▶ Exercise: Instruction for the entries that follow: retype exactly the lines from the line with "(* For every" to the line with "If 2^t < m +", both included, and omit all others.

***** Entries shown

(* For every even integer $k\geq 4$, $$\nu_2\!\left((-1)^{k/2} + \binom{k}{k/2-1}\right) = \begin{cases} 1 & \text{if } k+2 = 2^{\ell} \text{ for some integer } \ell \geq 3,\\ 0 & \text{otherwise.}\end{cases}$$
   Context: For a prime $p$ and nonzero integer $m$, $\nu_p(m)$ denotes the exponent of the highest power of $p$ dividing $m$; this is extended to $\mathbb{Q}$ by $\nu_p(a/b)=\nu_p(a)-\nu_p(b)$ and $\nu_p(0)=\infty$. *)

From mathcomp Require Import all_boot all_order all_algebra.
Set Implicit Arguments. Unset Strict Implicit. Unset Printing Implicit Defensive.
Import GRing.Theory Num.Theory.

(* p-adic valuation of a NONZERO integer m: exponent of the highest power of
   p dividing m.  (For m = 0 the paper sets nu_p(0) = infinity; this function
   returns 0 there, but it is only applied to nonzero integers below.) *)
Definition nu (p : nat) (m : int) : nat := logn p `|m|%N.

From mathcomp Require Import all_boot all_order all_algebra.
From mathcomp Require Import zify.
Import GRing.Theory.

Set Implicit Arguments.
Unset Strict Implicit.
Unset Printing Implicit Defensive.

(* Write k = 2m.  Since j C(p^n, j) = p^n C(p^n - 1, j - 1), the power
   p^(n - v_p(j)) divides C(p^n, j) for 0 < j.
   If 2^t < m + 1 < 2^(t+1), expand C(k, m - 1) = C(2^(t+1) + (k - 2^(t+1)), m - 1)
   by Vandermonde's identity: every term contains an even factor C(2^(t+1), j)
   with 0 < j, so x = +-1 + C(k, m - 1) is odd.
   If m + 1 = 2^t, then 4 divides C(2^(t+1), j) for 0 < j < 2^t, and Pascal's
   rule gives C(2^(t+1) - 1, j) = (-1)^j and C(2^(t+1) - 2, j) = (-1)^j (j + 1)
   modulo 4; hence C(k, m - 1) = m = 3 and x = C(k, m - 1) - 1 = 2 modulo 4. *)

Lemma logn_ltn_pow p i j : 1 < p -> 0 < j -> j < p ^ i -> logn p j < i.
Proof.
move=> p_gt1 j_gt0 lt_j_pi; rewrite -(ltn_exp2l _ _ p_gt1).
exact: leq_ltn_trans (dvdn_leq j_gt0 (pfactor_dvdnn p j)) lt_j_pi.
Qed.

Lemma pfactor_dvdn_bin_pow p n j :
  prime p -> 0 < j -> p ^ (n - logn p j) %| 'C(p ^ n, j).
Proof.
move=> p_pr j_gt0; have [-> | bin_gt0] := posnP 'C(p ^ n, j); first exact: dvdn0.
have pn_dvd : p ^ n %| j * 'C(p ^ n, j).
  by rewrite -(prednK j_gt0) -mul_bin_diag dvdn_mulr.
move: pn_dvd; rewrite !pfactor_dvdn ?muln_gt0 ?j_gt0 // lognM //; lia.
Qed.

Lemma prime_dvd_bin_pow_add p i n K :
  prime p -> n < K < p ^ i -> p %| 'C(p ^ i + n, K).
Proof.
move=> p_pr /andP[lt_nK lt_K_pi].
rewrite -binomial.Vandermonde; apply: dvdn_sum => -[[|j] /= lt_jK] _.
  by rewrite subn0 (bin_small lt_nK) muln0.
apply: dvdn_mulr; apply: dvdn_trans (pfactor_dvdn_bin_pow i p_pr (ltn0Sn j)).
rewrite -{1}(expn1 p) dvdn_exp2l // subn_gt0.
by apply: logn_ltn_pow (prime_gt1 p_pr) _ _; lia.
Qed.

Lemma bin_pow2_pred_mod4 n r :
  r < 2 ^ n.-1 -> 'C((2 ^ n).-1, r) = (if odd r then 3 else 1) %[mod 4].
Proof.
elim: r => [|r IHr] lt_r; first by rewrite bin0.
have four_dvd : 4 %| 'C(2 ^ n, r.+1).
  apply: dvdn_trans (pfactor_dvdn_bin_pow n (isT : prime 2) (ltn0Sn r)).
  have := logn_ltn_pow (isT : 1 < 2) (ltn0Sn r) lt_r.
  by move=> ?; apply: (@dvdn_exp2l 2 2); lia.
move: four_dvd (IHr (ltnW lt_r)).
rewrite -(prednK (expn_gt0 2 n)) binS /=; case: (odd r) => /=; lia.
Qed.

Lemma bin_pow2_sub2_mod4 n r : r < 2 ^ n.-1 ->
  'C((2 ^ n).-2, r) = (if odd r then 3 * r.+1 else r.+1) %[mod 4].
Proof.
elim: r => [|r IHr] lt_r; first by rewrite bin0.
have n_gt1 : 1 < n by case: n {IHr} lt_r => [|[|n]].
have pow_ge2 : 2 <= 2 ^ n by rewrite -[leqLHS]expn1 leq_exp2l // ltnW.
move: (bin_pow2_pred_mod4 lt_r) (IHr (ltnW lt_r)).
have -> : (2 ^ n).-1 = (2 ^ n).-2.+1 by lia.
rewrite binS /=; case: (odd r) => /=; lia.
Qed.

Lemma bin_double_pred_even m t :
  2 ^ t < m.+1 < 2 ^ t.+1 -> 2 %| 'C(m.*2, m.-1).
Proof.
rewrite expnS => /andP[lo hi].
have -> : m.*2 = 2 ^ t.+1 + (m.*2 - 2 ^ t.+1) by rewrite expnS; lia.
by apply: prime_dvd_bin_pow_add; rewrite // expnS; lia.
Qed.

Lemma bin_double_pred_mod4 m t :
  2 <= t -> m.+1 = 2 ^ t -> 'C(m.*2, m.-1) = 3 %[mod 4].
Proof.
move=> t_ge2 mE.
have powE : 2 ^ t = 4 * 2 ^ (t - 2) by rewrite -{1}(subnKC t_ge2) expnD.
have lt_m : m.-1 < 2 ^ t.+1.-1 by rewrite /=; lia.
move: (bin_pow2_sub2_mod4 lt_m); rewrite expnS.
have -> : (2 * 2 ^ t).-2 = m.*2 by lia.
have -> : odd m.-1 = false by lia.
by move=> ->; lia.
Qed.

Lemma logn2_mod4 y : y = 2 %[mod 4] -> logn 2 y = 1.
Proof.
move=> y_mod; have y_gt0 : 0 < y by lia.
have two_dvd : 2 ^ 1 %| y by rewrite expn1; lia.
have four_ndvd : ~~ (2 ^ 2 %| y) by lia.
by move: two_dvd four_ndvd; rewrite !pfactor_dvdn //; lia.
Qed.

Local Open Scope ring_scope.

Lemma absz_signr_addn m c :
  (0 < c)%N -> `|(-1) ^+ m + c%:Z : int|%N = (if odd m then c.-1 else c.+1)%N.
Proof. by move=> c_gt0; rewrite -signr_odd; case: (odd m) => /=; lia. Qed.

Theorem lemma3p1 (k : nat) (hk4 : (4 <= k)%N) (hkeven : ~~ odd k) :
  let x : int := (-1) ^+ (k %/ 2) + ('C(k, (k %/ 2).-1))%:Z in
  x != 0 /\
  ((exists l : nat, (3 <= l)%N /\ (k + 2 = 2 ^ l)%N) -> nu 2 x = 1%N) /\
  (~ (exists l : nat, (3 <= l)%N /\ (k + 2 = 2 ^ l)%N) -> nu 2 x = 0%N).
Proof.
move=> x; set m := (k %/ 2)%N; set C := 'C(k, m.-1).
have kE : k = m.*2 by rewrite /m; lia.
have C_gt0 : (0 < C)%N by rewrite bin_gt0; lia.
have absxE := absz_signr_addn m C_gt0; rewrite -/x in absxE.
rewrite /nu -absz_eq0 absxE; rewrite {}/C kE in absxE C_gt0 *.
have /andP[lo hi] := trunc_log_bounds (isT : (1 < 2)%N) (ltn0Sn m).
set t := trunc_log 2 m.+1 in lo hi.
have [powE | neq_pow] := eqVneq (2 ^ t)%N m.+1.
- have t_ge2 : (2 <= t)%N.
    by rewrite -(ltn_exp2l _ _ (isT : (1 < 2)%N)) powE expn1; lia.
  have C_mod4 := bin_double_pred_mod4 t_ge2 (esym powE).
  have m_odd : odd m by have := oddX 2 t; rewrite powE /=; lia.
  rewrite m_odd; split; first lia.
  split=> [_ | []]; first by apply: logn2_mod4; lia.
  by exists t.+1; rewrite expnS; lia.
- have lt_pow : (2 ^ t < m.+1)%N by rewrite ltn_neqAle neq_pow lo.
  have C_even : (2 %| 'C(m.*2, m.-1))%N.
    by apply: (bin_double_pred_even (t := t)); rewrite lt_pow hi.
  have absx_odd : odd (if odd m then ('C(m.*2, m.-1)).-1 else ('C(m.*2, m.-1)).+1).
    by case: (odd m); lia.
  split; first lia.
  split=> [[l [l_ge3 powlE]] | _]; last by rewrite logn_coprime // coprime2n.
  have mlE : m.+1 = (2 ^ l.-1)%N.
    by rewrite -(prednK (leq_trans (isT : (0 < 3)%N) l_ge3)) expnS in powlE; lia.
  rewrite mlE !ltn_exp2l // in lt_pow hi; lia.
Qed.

**********
***** Entries shown

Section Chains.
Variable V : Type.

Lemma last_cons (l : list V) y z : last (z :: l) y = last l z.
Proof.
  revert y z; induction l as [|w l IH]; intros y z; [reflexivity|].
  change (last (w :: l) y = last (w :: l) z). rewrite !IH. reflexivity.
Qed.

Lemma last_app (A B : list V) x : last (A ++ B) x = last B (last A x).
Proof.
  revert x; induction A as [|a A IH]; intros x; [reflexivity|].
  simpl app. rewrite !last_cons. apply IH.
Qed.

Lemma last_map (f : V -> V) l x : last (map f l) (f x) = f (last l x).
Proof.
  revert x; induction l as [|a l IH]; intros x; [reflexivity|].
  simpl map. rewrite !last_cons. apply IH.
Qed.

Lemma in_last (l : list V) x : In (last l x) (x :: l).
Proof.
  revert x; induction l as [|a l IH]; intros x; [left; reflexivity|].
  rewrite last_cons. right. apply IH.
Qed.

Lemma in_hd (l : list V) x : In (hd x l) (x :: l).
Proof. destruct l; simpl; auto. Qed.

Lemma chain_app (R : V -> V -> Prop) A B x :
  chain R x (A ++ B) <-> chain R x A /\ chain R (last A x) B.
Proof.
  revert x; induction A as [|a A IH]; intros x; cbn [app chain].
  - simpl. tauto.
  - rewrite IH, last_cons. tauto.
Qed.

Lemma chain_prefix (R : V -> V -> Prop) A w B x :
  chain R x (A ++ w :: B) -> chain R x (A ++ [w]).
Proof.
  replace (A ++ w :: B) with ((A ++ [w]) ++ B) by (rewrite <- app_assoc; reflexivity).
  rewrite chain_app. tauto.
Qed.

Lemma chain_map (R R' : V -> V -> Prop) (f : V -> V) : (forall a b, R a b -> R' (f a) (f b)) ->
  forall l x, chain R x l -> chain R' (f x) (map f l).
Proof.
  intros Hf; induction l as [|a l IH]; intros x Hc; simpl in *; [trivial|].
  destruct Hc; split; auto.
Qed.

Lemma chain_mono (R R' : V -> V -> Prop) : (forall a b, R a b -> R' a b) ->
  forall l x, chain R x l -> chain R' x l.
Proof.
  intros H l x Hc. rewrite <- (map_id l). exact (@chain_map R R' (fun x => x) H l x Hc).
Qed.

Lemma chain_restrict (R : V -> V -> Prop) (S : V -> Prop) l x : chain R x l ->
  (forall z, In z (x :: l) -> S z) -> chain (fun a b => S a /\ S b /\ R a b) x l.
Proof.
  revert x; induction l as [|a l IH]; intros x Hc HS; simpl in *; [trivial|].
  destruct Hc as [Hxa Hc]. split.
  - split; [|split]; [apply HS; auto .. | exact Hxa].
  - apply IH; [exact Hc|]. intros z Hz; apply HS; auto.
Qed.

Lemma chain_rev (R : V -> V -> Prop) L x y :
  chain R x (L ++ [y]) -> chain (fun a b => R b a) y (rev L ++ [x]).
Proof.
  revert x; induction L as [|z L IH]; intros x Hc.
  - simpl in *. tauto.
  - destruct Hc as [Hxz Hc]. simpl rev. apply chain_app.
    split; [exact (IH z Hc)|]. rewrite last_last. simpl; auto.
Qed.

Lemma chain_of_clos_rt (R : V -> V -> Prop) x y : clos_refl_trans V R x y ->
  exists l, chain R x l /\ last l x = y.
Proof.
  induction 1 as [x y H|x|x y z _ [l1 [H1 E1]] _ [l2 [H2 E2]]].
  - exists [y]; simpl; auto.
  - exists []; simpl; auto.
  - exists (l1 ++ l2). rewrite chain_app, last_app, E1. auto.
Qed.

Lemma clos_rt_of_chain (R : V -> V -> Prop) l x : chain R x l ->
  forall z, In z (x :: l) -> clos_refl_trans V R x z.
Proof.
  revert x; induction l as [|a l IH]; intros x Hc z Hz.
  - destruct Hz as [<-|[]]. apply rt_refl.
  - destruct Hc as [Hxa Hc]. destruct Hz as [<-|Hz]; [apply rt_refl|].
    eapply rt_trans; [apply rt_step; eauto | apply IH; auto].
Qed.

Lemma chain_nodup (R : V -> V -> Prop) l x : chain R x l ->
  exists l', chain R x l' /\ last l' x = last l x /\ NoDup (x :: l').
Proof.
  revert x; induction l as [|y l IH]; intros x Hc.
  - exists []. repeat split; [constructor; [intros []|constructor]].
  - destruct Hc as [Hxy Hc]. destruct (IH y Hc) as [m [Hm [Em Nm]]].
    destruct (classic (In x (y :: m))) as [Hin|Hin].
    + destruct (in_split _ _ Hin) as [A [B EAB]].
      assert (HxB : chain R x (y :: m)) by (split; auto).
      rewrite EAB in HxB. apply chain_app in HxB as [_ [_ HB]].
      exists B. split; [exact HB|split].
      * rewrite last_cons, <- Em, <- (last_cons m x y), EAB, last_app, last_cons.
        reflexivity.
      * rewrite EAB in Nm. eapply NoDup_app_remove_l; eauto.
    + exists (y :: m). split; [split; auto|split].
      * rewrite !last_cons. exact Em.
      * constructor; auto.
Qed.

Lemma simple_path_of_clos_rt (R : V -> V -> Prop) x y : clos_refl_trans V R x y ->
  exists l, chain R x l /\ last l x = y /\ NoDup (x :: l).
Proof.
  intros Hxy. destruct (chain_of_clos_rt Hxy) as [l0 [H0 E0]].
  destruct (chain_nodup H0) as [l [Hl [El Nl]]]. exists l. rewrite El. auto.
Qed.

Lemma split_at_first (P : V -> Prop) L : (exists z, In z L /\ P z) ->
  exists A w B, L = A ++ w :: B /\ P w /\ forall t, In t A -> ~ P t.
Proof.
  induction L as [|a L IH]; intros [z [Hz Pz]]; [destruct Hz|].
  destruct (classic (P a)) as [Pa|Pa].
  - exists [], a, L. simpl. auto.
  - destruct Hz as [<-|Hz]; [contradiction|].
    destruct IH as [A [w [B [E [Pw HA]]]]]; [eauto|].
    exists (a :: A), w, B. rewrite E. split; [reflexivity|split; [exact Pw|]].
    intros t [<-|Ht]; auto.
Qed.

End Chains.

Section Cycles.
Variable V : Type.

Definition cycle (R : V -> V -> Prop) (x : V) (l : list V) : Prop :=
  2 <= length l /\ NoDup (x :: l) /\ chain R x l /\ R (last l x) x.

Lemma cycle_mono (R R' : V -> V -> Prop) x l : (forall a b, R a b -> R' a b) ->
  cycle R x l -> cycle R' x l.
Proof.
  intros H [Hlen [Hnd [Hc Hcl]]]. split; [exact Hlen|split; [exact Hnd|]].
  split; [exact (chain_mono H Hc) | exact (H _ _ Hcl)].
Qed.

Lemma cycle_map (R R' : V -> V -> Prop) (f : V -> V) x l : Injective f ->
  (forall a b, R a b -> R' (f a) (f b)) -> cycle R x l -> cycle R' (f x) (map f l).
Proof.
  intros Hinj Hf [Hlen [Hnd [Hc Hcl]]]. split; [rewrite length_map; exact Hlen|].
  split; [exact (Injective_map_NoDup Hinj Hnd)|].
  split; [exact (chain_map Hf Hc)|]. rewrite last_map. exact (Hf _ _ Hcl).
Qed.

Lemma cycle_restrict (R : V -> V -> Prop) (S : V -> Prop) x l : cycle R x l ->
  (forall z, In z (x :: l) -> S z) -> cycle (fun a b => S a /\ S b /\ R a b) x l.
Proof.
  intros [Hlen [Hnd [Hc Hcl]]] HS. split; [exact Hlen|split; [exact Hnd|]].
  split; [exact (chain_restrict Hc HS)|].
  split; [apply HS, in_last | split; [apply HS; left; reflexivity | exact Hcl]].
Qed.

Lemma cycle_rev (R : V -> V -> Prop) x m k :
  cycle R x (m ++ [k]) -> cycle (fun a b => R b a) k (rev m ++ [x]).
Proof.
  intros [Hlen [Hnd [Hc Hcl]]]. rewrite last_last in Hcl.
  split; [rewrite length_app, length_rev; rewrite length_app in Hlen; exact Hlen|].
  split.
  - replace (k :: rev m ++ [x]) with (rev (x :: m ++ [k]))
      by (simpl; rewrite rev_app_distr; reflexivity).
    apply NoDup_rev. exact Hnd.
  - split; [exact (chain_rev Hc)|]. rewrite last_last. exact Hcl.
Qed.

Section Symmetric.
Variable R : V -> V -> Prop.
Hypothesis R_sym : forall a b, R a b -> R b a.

**********

▶ Exercise output:
(* For every even integer $k\geq 4$, $$\nu_2\!\left((-1)^{k/2} + \binom{k}{k/2-1}\right) = \begin{cases} 1 & \text{if } k+2 = 2^{\ell} \text{ for some integer } \ell \geq 3,\\ 0 & \text{otherwise.}\end{cases}$$
   Context: For a prime $p$ and nonzero integer $m$, $\nu_p(m)$ denotes the exponent of the highest power of $p$ dividing $m$; this is extended to $\mathbb{Q}$ by $\nu_p(a/b)=\nu_p(a)-\nu_p(b)$ and $\nu_p(0)=\infty$. *)

From mathcomp Require Import all_boot all_order all_algebra.
Set Implicit Arguments. Unset Strict Implicit. Unset Printing Implicit Defensive.
Import GRing.Theory Num.Theory.

(* p-adic valuation of a NONZERO integer m: exponent of the highest power of
   p dividing m.  (For m = 0 the paper sets nu_p(0) = infinity; this function
   returns 0 there, but it is only applied to nonzero integers below.) *)
Definition nu (p : nat) (m : int) : nat := logn p `|m|%N.

From mathcomp Require Import all_boot all_order all_algebra.
From mathcomp Require Import zify.
Import GRing.Theory.

Set Implicit Arguments.
Unset Strict Implicit.
Unset Printing Implicit Defensive.

(* Write k = 2m.  Since j C(p^n, j) = p^n C(p^n - 1, j - 1), the power
   p^(n - v_p(j)) divides C(p^n, j) for 0 < j.
   If 2^t < m + 1 < 2^(t+1), expand C(k, m - 1) = C(2^(t+1) + (k - 2^(t+1)), m - 1)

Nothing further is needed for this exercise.